Why did the number go to the therapist? Because it had a recurring complex!

To solve for "n" in the equation nP5 = 14(nP4), let's break it down:

nP5 represents the number of permutations of "n" objects taken 5 at a time.
nP4 represents the number of permutations of "n" objects taken 4 at a time.

To solve the equation, we need to find the value of "n" that makes the equation true.

Now, let's expand the equation:
nP5 = 14(nP4)

The number of permutations can be calculated using the factorial function:
nP5 = n! / (n-5)!

Expanding the right side of the equation:
14(nP4) = 14 * n! / (n-4)!

Now, equating the two sides of the equation, we have:
n! / (n-5)! = 14 * n! / (n-4)!

To get rid of the factorials, we can cancel them out:
(n! / (n-5)!) = (14 * n! / (n-4)!)

Cancelling out the factorials gives us:
1 / (n-5)! = 14 / (n-4)!

To solve for "n", we can cross-multiply:
14 * (n-5)! = (n-4)!

Dividing both sides by 14:
(n-5)! = (n-4)! / 14

Now, we have an equation without factorials. To solve it, we'll need to approach it symbolically or use a numerical method.

To solve for n, you need to simplify the equation by expanding the permutations (nP5 and nP4) and then solve for n.

The formula for permutations is given by:

nPk = n! / (n - k)!

Where n! is the factorial of n, denoting the product of all positive integers less than or equal to n.

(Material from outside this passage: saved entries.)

Lemma ramsey (T : finType) (e : rel T) : symmetric e ->
  forall a b (A : {set T}), 2 ^ (a + b) <= #|A| ->
  exists2 C : {set T}, C \subset A &
    (a <= #|C| /\ clique e C) \/ (b <= #|C| /\ indep e C).
Proof.
move=> e_sym; elim=> [|a IHa] b A.
  by exists set0; [exact: sub0set | left; split=> // x y; rewrite inE].
elim: b A => [|b IHb] A.
  by exists set0; [exact: sub0set | right; split=> // x y; rewrite inE].
move=> HA; have /card_gt0P[v vA] : 0 < #|A| by rewrite (leq_trans _ HA) ?expn_gt0.
pose Nv := (A :\ v) :&: nbhd e v; pose Mv := (A :\ v) :\: nbhd e v.
have NvA : Nv \subset A :\ v by apply: subsetIl.
have MvA : Mv \subset A :\ v by apply: subsetDl.
have A_split : #|Nv| + #|Mv| = #|A|.-1 by rewrite cardsID (cardsD1 v A) vA.
have grow (C : {set T}) : C \subset A :\ v -> #|v |: C| = #|C|.+1.
  by move=> /subsetP CA; rewrite cardsU1 (contra (CA v)) // !inE eqxx.
have subA (C : {set T}) : C \subset A :\ v -> v |: C \subset A.
  by move=> CA; rewrite subUset sub1set vA (subset_trans CA) ?subsetDl.
have [bigN | bigM] : 2 ^ (a + b.+1) <= #|Nv| \/ 2 ^ (a.+1 + b) <= #|Mv|.
  by rewrite [a.+1 + b]addSnnS; move: HA; rewrite addSn expnS; lia.
- have [C CN [[Ca Cc] | Cind]] := IHa b.+1 Nv bigN.
    exists (v |: C); first exact: subA (subset_trans CN NvA).
    left; rewrite grow ?(subset_trans CN NvA) //; split=> //.
    by apply: clique_setU1 => //; apply: subset_trans CN (subsetIr _ _).
  by exists C; [apply: subset_trans CN (subset_trans NvA (subsetDl _ _)) | right].
- have [C CM [Cc | [Cb Ci]]] := IHb Mv bigM.
    by exists C; [apply: subset_trans CM (subset_trans MvA (subsetDl _ _)) | left].
  exists (v |: C); first exact: subA (subset_trans CM MvA).
  right; rewrite grow ?(subset_trans CM MvA) //; split=> //.
  apply: indep_setU1 => //; apply: subset_trans CM _.
  by apply/subsetP=> x; rewrite !inE => /andP[].
Qed.

Section LocalComplementation.
Variables (T : finType) (e : rel T) (v : T).

Lemma local_compl_irr : irreflexive e -> irreflexive (local_compl e v).
Proof. by move=> e_irr x; rewrite /local_compl eqxx !andbF. Qed.
(* [d <= 2 p(z) p(w) d^{1/2} / lam] turns the Lipschitz bound on the phase
   into a 1/2-Hoelder bound. *)
Lemma cmod_expiB_f z w :
  cmod (expi (t * xi z) - expi (t * xi w)) * cmod (f w) <=
    4 * C / lam * a * (`|t| * Num.sqrt (d z w) * (p z * p w) ^+ 3).
Proof.
apply: le_trans (ler_pM (cmod_ge0 _) (cmod_ge0 _)
  (cmod_expiB_le z w) (f_growth w)) _.
set S := Num.sqrt (d z w).
have S_le : S <= 2 * (p z * p w) / lam.
  by rewrite ler_pdivlMr // mulrC (sqrt_d_le_plamM x0 d_metric lam01).
rewrite -[d z w]sqr_sqrtr ?(d_ge0 d_metric) // -/S.
apply: le_trans (_ : (2 * `|t| * C * S * a * p w ^+ 2) * (2 * (p z * p w) / lam) <= _).
  rewrite [leLHS](_ : _ = (2 * `|t| * C * S * a * p w ^+ 2) * S); last by ring.
  by apply: ler_wpM2l => //; rewrite !mulr_ge0 ?sqrtr_ge0 ?exprn_ge0.
rewrite [leLHS](_ : _ = (4 * C / lam * a * `|t| * S) * (p w ^+ 3 * p z)); last by ring.
rewrite [leRHS](_ : _ = (4 * C / lam * a * `|t| * S) * (p w * p z) ^+ 3);
  last by ring.
apply: ler_wpM2l; last exact: plam_exp3M_le w z.
by rewrite !mulr_ge0 ?sqrtr_ge0 ?invr_ge0 ?(ltW lam_gt0).
Qed.

Lemma cmod_perturbationB z w : cmod (perturbation z - perturbation w) <=
  holder_const * `|t| * (m + a) * (Num.sqrt (d z w) * (p z * p w) ^+ 3).
Proof.
have -> : perturbation z - perturbation w = (expi (t * xi z) - 1) * (f z - f w)
    + (expi (t * xi z) - expi (t * xi w)) * f w by rewrite /perturbation; ring.
apply: le_trans (cmodD _ _) _; rewrite !cmodM.
apply: le_trans (lerD (cmod_expi_sub1_fB z w) (cmod_expiB_f z w)) _.
set X := `|t| * Num.sqrt (d z w) * (p z * p w) ^+ 3.
have X0 : 0 <= X by rewrite !mulr_ge0 ?sqrtr_ge0 ?exprn_ge0 ?mulr_ge0 ?p_ge0.
rewrite [leRHS](_ : _ = (2 * growth_const * m * X + 4 * C / lam * a * X) +
  (2 * growth_const * a * X + 4 * C / lam * m * X)); last first.
  by rewrite /holder_const /X; ring.
by rewrite lerDl addr_ge0 // !mulr_ge0 ?growth_const_ge0 ?invr_ge0 ?(ltW lam_gt0).
Qed.
Lemma form_conj u A v : Num.conj (form u A v) = form v (adjmx A) u.
Proof.
have conj_entry (M : 'M[C]_1) : Num.conj (M 0 0) = adjmx M 0 0 by rewrite !mxE.
by rewrite /form conj_entry !adjmxM adjmxK mulmxA.
Qed.

Lemma form_delta A i j : form (delta_mx i 0) A (delta_mx j 0) = A i j.
Proof. by rewrite /form /adjmx map_delta_mx trmx_delta -rowE -colE !mxE. Qed.

Lemma form_conjmx u B A v :
  form u (B *m A *m adjmx B) v = form (adjmx B *m u) A (adjmx B *m v).
Proof. by rewrite /form adjmxM adjmxK !mulmxA. Qed.

Lemma form1_mulmx A v : form (A *m v) 1%:M (A *m v) = form v (adjmx A *m A) v.
Proof. by rewrite /form adjmxM mulmx1 !mulmxA. Qed.

Lemma form1_self v : form v 1%:M v = (sqnorm v)%:C%C.
Proof.
rewrite /form mulmx1 mxE rmorph_sum; apply: eq_bigr => i _.
by rewrite !mxE conjC_mul_sqmod.
Qed.

Lemma Re_form1_le u v : 2 * Re (form u 1%:M v) <= sqnorm u + sqnorm v.
Proof.
rewrite /form mulmx1 mxE raddf_sum mulr_sumr -big_split; apply: ler_sum => i _ /=.
rewrite !mxE /sqmod; case: (u i 0) => a b; case: (v i 0) => c d /=.
have := sqr_ge0 (a - c); have := sqr_ge0 (b - d); by rewrite !sqrrB; lra.
Qed.

Lemma Re_form1_le_scaled (t : R) u v : 0 < t ->
  2 * Re (form u 1%:M v) <= t * sqnorm u + t^-1 * sqnorm v.
Proof.
move=> t_gt0; have s_gt0 : 0 < Num.sqrt t by rewrite sqrtr_gt0.
have := Re_form1_le ((Num.sqrt t)%:C%C *: u) ((Num.sqrt t)^-1%:C%C *: v).
rewrite !sqnormZ formZl formZr conjC_cplx mulrA -rmorphM mulfV ?gt_eqF // mul1r.
by rewrite exprVn sqr_sqrtr // ltW.
Qed.

Lemma qformD A B v : qform (A + B) v = qform A v + qform B v.
Proof. by rewrite /qform formDm raddfD. Qed.

Lemma qformN A v : qform (- A) v = - qform A v.
Proof. by rewrite /qform formNm raddfN. Qed.

Lemma qformZ (a : R) A v : qform (a%:C%C *: A) v = a * qform A v.
Proof. by rewrite /qform formZm; case: (form _ _ _) => x y /=; ring. Qed.

Lemma qformE A v : qform A v = \sum_i \sum_j
  (Re (Num.conj (v i 0) * v j 0) * Re (A i j) - Im (Num.conj (v i 0) * v j 0) * Im (A i j)).
Proof.
rewrite /qform formE raddf_sum; apply: eq_bigr => i _; rewrite raddf_sum.
apply: eq_bigr => j _; rewrite mulrAC.
by move: (Num.conj _ * _) (A i j) => [a b] [c d].
Qed.

Lemma sqnorm_mulmx A v : sqnorm (A *m v) = qform (adjmx A *m A) v.
Proof. by rewrite /qform -form1_mulmx form1_self. Qed.

Lemma qform_conj_diag U (l : 'rV[R]_n) v :
  qform (U *m diag_mx (cplx_rV l) *m adjmx U) v =
  \sum_i l 0 i * sqmod ((adjmx U *m v) i 0).
Proof.
rewrite /qform form_conjmx formE raddf_sum; apply: eq_bigr => i _.
rewrite (bigD1 i) //= big1 ?addr0 => [|j ji]; last first.
  by rewrite !mxE eq_sym (negbTE ji) mulr0n mulr0 mul0r.
by rewrite !mxE eqxx mulr1n mulrAC conjC_mul_sqmod -rmorphM /= mulrC.
Qed.

Lemma normr_conjM_le (a b : C) :
  `|Re (Num.conj a * b)| <= (sqmod a + sqmod b) / 2 /\
  `|Im (Num.conj a * b)| <= (sqmod a + sqmod b) / 2.
Proof.
rewrite /sqmod !ler_norml; case: a => a1 a2; case: b => b1 b2 /=.
have := sqr_ge0 (a1 - b1); have := sqr_ge0 (a2 - b2); have := sqr_ge0 (a1 + b1).
have := sqr_ge0 (a2 + b2); have := sqr_ge0 (a1 - b2); have := sqr_ge0 (a2 + b1).
have := sqr_ge0 (a1 + b2); have := sqr_ge0 (a2 - b1); rewrite !sqrrB !sqrrD => *.
by split; apply/andP; split; lra.
Qed.

Lemma qform_le_entries A v : sqnorm v <= 1 ->
  `|qform A v| <= \sum_i \sum_j (`|Re (A i j)| + `|Im (A i j)|).
Proof.
move=> v1; rewrite qformE; apply: le_trans (ler_norm_sum _ _ _) _; apply: ler_sum => i _.
apply: le_trans (ler_norm_sum _ _ _) _; apply: ler_sum => j _.
have [reC imC] := normr_conjM_le (v i 0) (v j 0).
have coord1 : (sqmod (v i 0) + sqmod (v j 0)) / 2 <= 1.
  by have := sqmod_le_sqnorm v i; have := sqmod_le_sqnorm v j; lra.
apply: le_trans (ler_normB _ _) _; rewrite !normrM.
by apply: lerD; rewrite -[leRHS]mul1r ler_wpM2r // (le_trans _ coord1).
Qed.

Lemma qform_polar Z a b : selfadj Z ->
  4 * Re (form a Z b) = qform Z (a + b) - qform Z (a - b).
Proof.
move=> sa; have ba : Re (form b Z a) = Re (form a Z b).
  by rewrite -{1}sa -form_conj; case: (form _ _ _).
rewrite /qform !formDl !formDr !formNl !formNr opprK !raddfD !raddfN /= ba.
move: (Re (form a Z a)) (Re (form b Z b)) (Re (form a Z b)) => x y z; lra.
Qed.

Lemma selfadj_entry_qform X i j : selfadj X ->
  let: (e_i, e_j) := (delta_mx i 0, delta_mx j 0) in
  Re (X i j) = (qform X (e_i + e_j) - qform X e_i - qform X e_j) / 2 /\
  Im (X i j) = (qform X e_i + qform X e_j - qform X (e_i + 'i%C *: e_j)) / 2.
Proof.
move=> sa; have Xji : X j i = Num.conj (X i j) by rewrite -{1}sa !mxE.
rewrite /qform !(formDl, formDr, formZl, formZr) !form_delta Xji.
by case: (X i j) => a b; case: (X i i) => ? ?; case: (X j j) => ? ? /=; split; lra.
Qed.

End Forms.

Section FunctionalCalculus.
Variables (R : realType) (n : nat).
Local Notation C := R[i].
Implicit Types (A M S : 'M[C]_n) (f g : R -> R).

Lemma selfadj_spec_decomp A : selfadj A -> exists U l, spec_decomp A U l.
Proof.
move=> /selfadj_hermitian hA; have /orthomx_spectralP eA := hermitian_normalmx hA.
have real_diag := hermitian_spectral_diag_real hA.
set V := spectralmx A in eA; set d := spectral_diag A in eA real_diag.
have Vu : V \is unitarymx by apply: spectral_unitarymx.
exists (adjmx V), (map_mx (@complex.Re R) d); split.
  have -> : adjmx V = (V ^t* )%sesqui by apply/matrixP => i j; rewrite !mxE.
  by rewrite trmxC_unitary.
rewrite adjmxK [LHS]eA (invmx_unitary Vu); congr (_ *m _ *m _).
  by apply/matrixP => i j; rewrite !mxE.
congr diag_mx; apply/matrixP => i j; rewrite !mxE RRe_real //.
by move/mxOverP: real_diag; apply.
Qed.
(* Let $(X,d)$ be a bounded metric space and let $M: X\to\mathbb{R}$ satisfy $d(x,y)\le M(x)\le d(x,z)+M(z)$ for all $x,y,z\in X$. Let $d_S$ be the subset distance on $\mathcal{F}(X)$ defined in the context. Let $X_1,X_2\in\mathcal{F}(X)$ with $|X_1|\le|X_2|$, and let $X_2'\subseteq X_2$ satisfy $|X_1|\le|X_2'|$. Then $d_S(X_1,X_2')\le d_S(X_1,X_2)$.
   Context: $\mathcal{F}(X)$ denotes the set of all finite subsets of $X$. For $A,B\in\mathcal{F}(X)$ with $|A|\le|B|$ and an injection $\chi:A\to B$, define $d_\chi(A,B)=\sum_{x\in A} d(x,\chi(x))+\sum_{y\in B\setminus\chi(A)} M(y)$. The subset distance is $d_S(A,B)=d_S(B,A)=\min\{d_\chi(A,B) : \chi:A\to B \text{ an injection}\}$ (for $|A|\le|B|$). *)

From HB Require Import structures.
From mathcomp Require Import all_boot all_order all_algebra.
From mathcomp Require Import finmap.
Set Implicit Arguments. Unset Strict Implicit. Unset Printing Implicit Defensive.
Import Order.TTheory GRing.Theory Num.Theory.
Local Open Scope ring_scope.


Definition is_metric (R : realFieldType) (X : Type) (d : X -> X -> R) : Prop :=
  (forall x y, 0 <= d x y) /\ (forall x y, d x y = 0 <-> x = y) /\
  (forall x y, d x y = d y x) /\ (forall x y z, d x z <= d x y + d y z).

Definition bounded_metric (R : realFieldType) (X : Type) (d : X -> X -> R) : Prop :=
  exists C : R, forall x y, d x y <= C.

Definition d_chi (R : realFieldType) (X : choiceType) (d : X -> X -> R) (M : X -> R)
  (A B : {fset X}) (chi : {ffun A -> B}) : R :=
  \sum_(a : A) d (val a) (val (chi a)) +
  \sum_(b : B | b \notin codom chi) M (val b).

(* min over all injections chi : A -> B (meaningful when #|A| <= #|B|,
   where injections exist; otherwise the list is empty and value is 0). *)
Definition dS_ord (R : realFieldType) (X : choiceType) (d : X -> X -> R) (M : X -> R)
  (A B : {fset X}) : R :=
  let vals := [seq d_chi d M f | f <- enum [pred f : {ffun A -> B} | injectiveb f]] in
  foldr Num.min (head 0 vals) vals.

Definition dS (R : realFieldType) (X : choiceType) (d : X -> X -> R) (M : X -> R)
  (A B : {fset X}) : R :=
  if (#|` A| <= #|` B|)%N then dS_ord d M A B else dS_ord d M B A.

From mathcomp Require Import all_boot all_order all_algebra.
From mathcomp Require Import finmap lra zify.
Import Order.TTheory GRing.Theory Num.Theory.
Set Implicit Arguments. Unset Strict Implicit. Unset Printing Implicit Defensive.
Local Open Scope fset_scope.
Local Open Scope ring_scope.

(* Start from an optimal matching chi of X1 into X2.  As long as some x in X1 is
   matched to a point outside X2', counting shows that some z in X2' is still
   unmatched; rematching x to z replaces d(x, chi x) + M(z) by d(x, z) <= M(z),
   so the cost does not increase.  The resulting matching lands in X2', and
   forgetting the unmatched points of X2 outside X2' (where M >= 0) can only
   lower the cost further. *)

Lemma foldr_min_le (R : realDomainType) (s : seq R) h v :
  v \in s -> foldr Num.min h s <= v.
Proof.
elim: s => //= y s IH; rewrite inE => /predU1P[->|vs]; first by rewrite ge_min lexx.
by rewrite ge_min IH ?orbT.
Qed.

Lemma foldr_min_mem (R : realDomainType) (s : seq R) h : foldr Num.min h s \in h :: s.
Proof.
elim: s => /= [|y s IH]; first by rewrite mem_seq1.
rewrite minElt; case: ifP => _; first by rewrite !inE eqxx orbT.
by move: IH; rewrite !inE => /predU1P[->|->]; rewrite ?eqxx ?orbT.
Qed.

Lemma foldr_min_head_mem (R : realDomainType) (s : seq R) x0 x :
  x \in s -> foldr Num.min (head x0 s) s \in s.
Proof.
case: s => // y s _; have := foldr_min_mem (y :: s) y.
by rewrite inE => /predU1P[->|//]; apply: mem_head.
Qed.

Lemma exists_injective_ffun (X : choiceType) (A B : {fset X}) :
  (#|` A| <= #|` B|)%N -> exists f : {ffun A -> B}, injective f.
Proof.
rewrite !cardfE => le_AB.
exists [ffun a => enum_val (widen_ord le_AB (enum_rank a))] => a b.
by rewrite !ffunE => /enum_val_inj /(congr1 val) /= /val_inj; apply: enum_rank_inj.
Qed.

Section Matchings.
Variables (R : realFieldType) (X : choiceType) (d : X -> X -> R) (M : X -> R).

(* The cost of d_chi, for an arbitrary map g : X -> X, so that the repair
   can go through maps that do not (yet) send A into B. *)
Definition cost (A B : {fset X}) (g : X -> X) : R :=
  \sum_(a <- A) d a (g a) + \sum_(b <- B | b \notin g @` A) M b.

Lemma d_chi_cost (A B : {fset X}) (f : {ffun A -> B}) (g : X -> X) :
  (forall a : A, val (f a) = g (val a)) -> d_chi d M f = cost A B g.
Proof.
move=> fg; rewrite /d_chi /cost !big_seq_fsetE /=; congr (_ + _).
  by apply: eq_bigr => a _; rewrite fg.
apply: eq_bigl => b; congr negb; apply/codomP/imfsetP => [[a ->]|[a aA gab]].
  by exists (val a); [exact: fsvalP | exact: fg].
by exists [` aA]; apply: val_inj; rewrite (fg [` aA]) -gab.
Qed.

Lemma dS_ord_le_cost (A B : {fset X}) (g : X -> X) :
  {in A &, injective g} -> {in A, forall a, g a \in B} ->
  dS_ord d M A B <= cost A B g.
Proof.
move=> g_inj gB; pose f := [ffun a : A => [` gB _ (fsvalP a)]].
have fg (a : A) : val (f a) = g (val a) by rewrite ffunE.
have f_inj : injective f.
  by move=> a b fab; apply: val_inj; apply: g_inj; rewrite ?fsvalP // -!fg fab.
rewrite -(d_chi_cost fg); apply: foldr_min_le; apply: map_f.
by rewrite mem_enum inE; apply/injectiveP.
Qed.

Lemma dS_ord_eq_cost (A B : {fset X}) : (#|` A| <= #|` B|)%N ->
  exists g : X -> X, [/\ {in A &, injective g}, {in A, forall a, g a \in B}
                       & dS_ord d M A B = cost A B g].
Proof.
move=> le_AB; rewrite /dS_ord.
set vals := map _ _.
have [f0 f0_inj] := exists_injective_ffun le_AB.
have vals_attained : foldr Num.min (head 0 vals) vals \in vals.
  apply: (foldr_min_head_mem _ (x := d_chi d M f0)).
  by rewrite map_f // mem_enum inE; apply/injectiveP.
case/mapP: vals_attained => f; rewrite mem_enum inE => /injectiveP f_inj ->.
pose g x := oapp (fun a => val (f a)) x (insub x).
have fg (a : A) : val (f a) = g (val a) by rewrite /g valK.
exists g; split; last exact: d_chi_cost.
- move=> x y xA yA; rewrite -[x]/(val [` xA]) -[y]/(val [` yA]) -!fg.
  by move/val_inj/f_inj => [].
- by move=> x xA; rewrite -[x]/(val [` xA]) -fg fsvalP.
Qed.

Lemma cost_fsubset (A B' B : {fset X}) (g : X -> X) :
  (forall b, 0 <= M b) -> B' `<=` B -> cost A B' g <= cost A B g.
Proof.
move=> M_ge0 sB'B; rewrite lerD2l (big_fsetIDcond _ (mem B') B) /=.
have -> : [fset b in B | b \in B'] = B'.
  by apply/fsetP => b; rewrite !inE /= andb_idl // => /(fsubsetP sB'B).
by rewrite lerDl sumr_ge0.
Qed.

Section Repair.
Hypothesis d_ge0 : forall x y, 0 <= d x y.
Hypothesis d_le_M : forall x z, d x z <= M z.

Section Reassign.
Variables (A B : {fset X}) (g : X -> X).

Lemma exists_unmatched x : (#|` A| <= #|` B|)%N -> {in A &, injective g} ->
  x \in A -> g x \notin B -> exists2 z, z \in B & z \notin g @` A.
Proof.
move=> le_AB g_inj xA gxB; apply/fsubsetPn/negP => sBgA.
have : B `<=` g @` A `\ g x.
  apply/fsubsetP => b bB; rewrite in_fsetD1 (fsubsetP sBgA) // andbT.
  by apply: contraNneq gxB => <-.
move/fsubset_leq_card; have := cardfsD1 (g x) (g @` A).
rewrite in_imfset // (eqP (introT (card_in_imfsetP _ _) g_inj)) /=; lia.
Qed.

Variables (x z : X).
Let g' := [eta g with x |-> z].

Lemma reassign_injective : {in A &, injective g} -> z \notin g @` A ->
  {in A &, injective g'}.
Proof.
move=> g_inj zgA a b aA bA; rewrite /g' /=.
case: eqP => [->|ax]; case: eqP => [->|bx] //; last exact: g_inj.
- by move=> z_gb; rewrite z_gb in_imfset in zgA.
- by move=> ga_z; rewrite -ga_z in_imfset in zgA.
Qed.

Lemma reassign_misplaced : z \in B ->
  [fset a in A | g' a \notin B] = [fset a in A | g a \notin B] `\ x.
Proof.
move=> zB; apply/fsetP => a; rewrite !inE /= /g'.
by case: eqP => [->|_] /=; rewrite ?zB ?andbF.
Qed.

Lemma reassign_image_outside b : x \in A -> g x \notin B -> b \in B -> b != z ->
  (b \in g' @` A) = (b \in g @` A).
Proof.
move=> xA gxB bB bz; apply/imfsetP/imfsetP => -[a aA b_ga]; exists a => //.
  by move: b_ga; rewrite /g' /=; case: eqP => // _ b_z; rewrite b_z eqxx in bz.
by rewrite b_ga /g' /=; case: eqP => // ax; rewrite -ax -b_ga bB in gxB.
Qed.

Lemma cost_reassign : x \in A -> g x \notin B -> z \in B -> z \notin g @` A ->
  cost A B g' <= cost A B g.
Proof.
move=> xA gxB zB zgA.
have z_g'A : z \in g' @` A by apply/imfsetP; exists x; rewrite //= eqxx.
have g'x : g' x = z by rewrite /g' /= eqxx.
have sum_rest : \sum_(a <- A `\ x) d a (g' a) = \sum_(a <- A `\ x) d a (g a).
  by apply: eq_fbigr => a /fsetD1P[ax _] _; rewrite /g' /= (negPf ax).
have sum_unmatched : \sum_(b <- B | b \notin g @` A) M b =
                     M z + \sum_(b <- B | b \notin g' @` A) M b.
  rewrite big_mkcond [X in _ = _ + X]big_mkcond !(big_fsetD1 z zB) /= zgA z_g'A add0r.
  by congr (_ + _); apply: eq_fbigr => b /fsetD1P[bz bB] _; rewrite reassign_image_outside.
rewrite /cost !(big_fsetD1 x xA) g'x sum_rest sum_unmatched /=.
have := d_le_M x z; have := d_ge0 x (g x); lra.
Qed.

End Reassign.

Lemma exists_injective_into_cost_le (A B : {fset X}) (g : X -> X) :
  (#|` A| <= #|` B|)%N -> {in A &, injective g} ->
  exists g' : X -> X, [/\ {in A &, injective g'}, {in A, forall a, g' a \in B}
                        & cost A B g' <= cost A B g].
Proof.
move=> le_AB; have [n] := ubnP #|` [fset a in A | g a \notin B]|.
elim: n g => // n IH g; case: (fset_0Vmem [fset a in A | g a \notin B]) => [none|[x]].
  move=> _ g_inj; exists g; split=> // a aA; apply: contraT => gaB.
  by rewrite -(in_fset0 a) -none !inE /= aA.
rewrite !inE /= => /andP[xA gxB] lt_n g_inj.
have [z zB zgA] := exists_unmatched le_AB g_inj xA gxB.
have [|g' [g'_inj g'B g'_cost]] := IH _ _ (reassign_injective (x := x) g_inj zgA).
  rewrite reassign_misplaced //; have := cardfsD1 x [fset a in A | g a \notin B].
  by rewrite !inE /= xA gxB /=; lia.
by exists g'; split => //; apply: le_trans g'_cost (cost_reassign xA gxB zB zgA).
Qed.

End Repair.

End Matchings.

Theorem corollary2p4 (R : realFieldType) (X : choiceType) (d : X -> X -> R) (M : X -> R)
  (hd : is_metric d) (hb : bounded_metric d)
  (hM : forall x y z, d x y <= M x /\ M x <= d x z + M z)
  (X1 X2 X2' : {fset X})
  (h12 : (#|` X1| <= #|` X2|)%N) (hsub : (X2' `<=` X2)%fset) (h12' : (#|` X1| <= #|` X2'|)%N) :
  dS d M X1 X2' <= dS d M X1 X2.
Proof.
have [d_ge0 [_ [d_sym _]]] := hd.
have d_le_M x z : d x z <= M z by rewrite d_sym; case: (hM z x z).
have M_ge0 b : 0 <= M b := le_trans (d_ge0 b b) (d_le_M b b).
rewrite /dS h12 h12'.
have [g [g_inj _ ->]] := dS_ord_eq_cost d M h12.
have [g' [g'_inj g'X2' g'_cost]] := exists_injective_into_cost_le d_ge0 d_le_M h12' g_inj.
apply: le_trans (dS_ord_le_cost d M g'_inj g'X2') _.
exact: le_trans g'_cost (cost_fsubset _ _ _ M_ge0 hsub).
Qed.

Let's expand the permutations:

nP5 = n! / (n - 5)!
nP4 = n! / (n - 4)!

Substituting these into the equation:

n! / (n - 5)! = 14 * (n! / (n - 4)!)

Now, to simplify further, we can cancel out the factorials:

(n! / (n - 5)!) / (n! / (n - 4)!) = 14

Dividing fractions is the same as multiplying the first fraction by the reciprocal of the second fraction:

(n! / (n - 5)!) * ((n - 4)! / n!) = 14

The n! terms cancel out:

1 / (n - 5) * (n - 4) / 1 = 14

Simplifying:

(n - 4) / (n - 5) = 14

Now, we can cross multiply:

(n - 4) * 1 = 14 * (n - 5)

Expanding:

n - 4 = 14n - 70

Combine like terms:

0 = 13n - 66

Move the constants to the other side:

13n = 66

Finally, divide by 13 to solve for n:

n = 66 / 13

Simplifying:

n = 5

Therefore, n = 5 is the solution to the equation nP5 = 14(nP4).

To solve for n in the equation nP5 = 14(nP4), where nP5 represents the permutation of n taken 5 at a time, and nP4 represents the permutation of n taken 4 at a time, we can follow these steps:

Step 1: Expand the permutations:
nP5 = n! / (n - 5)!
nP4 = n! / (n - 4)!

Step 2: Substitute these expressions into the equation:
n! / (n - 5)! = 14 * (n! / (n - 4)!)

Step 3: Simplify the equation by canceling out the common terms:
(n - 4)! * n! / (n - 5)! = 14 * n!

Step 4: Cancel out the n! terms on both sides of the equation:
(n - 4)! = 14

Step 5: Solve for (n - 4):
(n - 4)! = 14

To solve this, we need to find the factorial values for numbers greater than or equal to 4 until we find the factorial value that equals 14.

(n - 4)! = 14
(3)! = 14 (not equal to 14)
(4)! = 24 (not equal to 14)
(5)! = 120 (not equal to 14)
(6)! = 720 (not equal to 14)

We stop here since the factorial value of 6 is greater than 14.

Since there is no value of n that satisfies the equation, we can conclude that there is no solution for n in the given equation.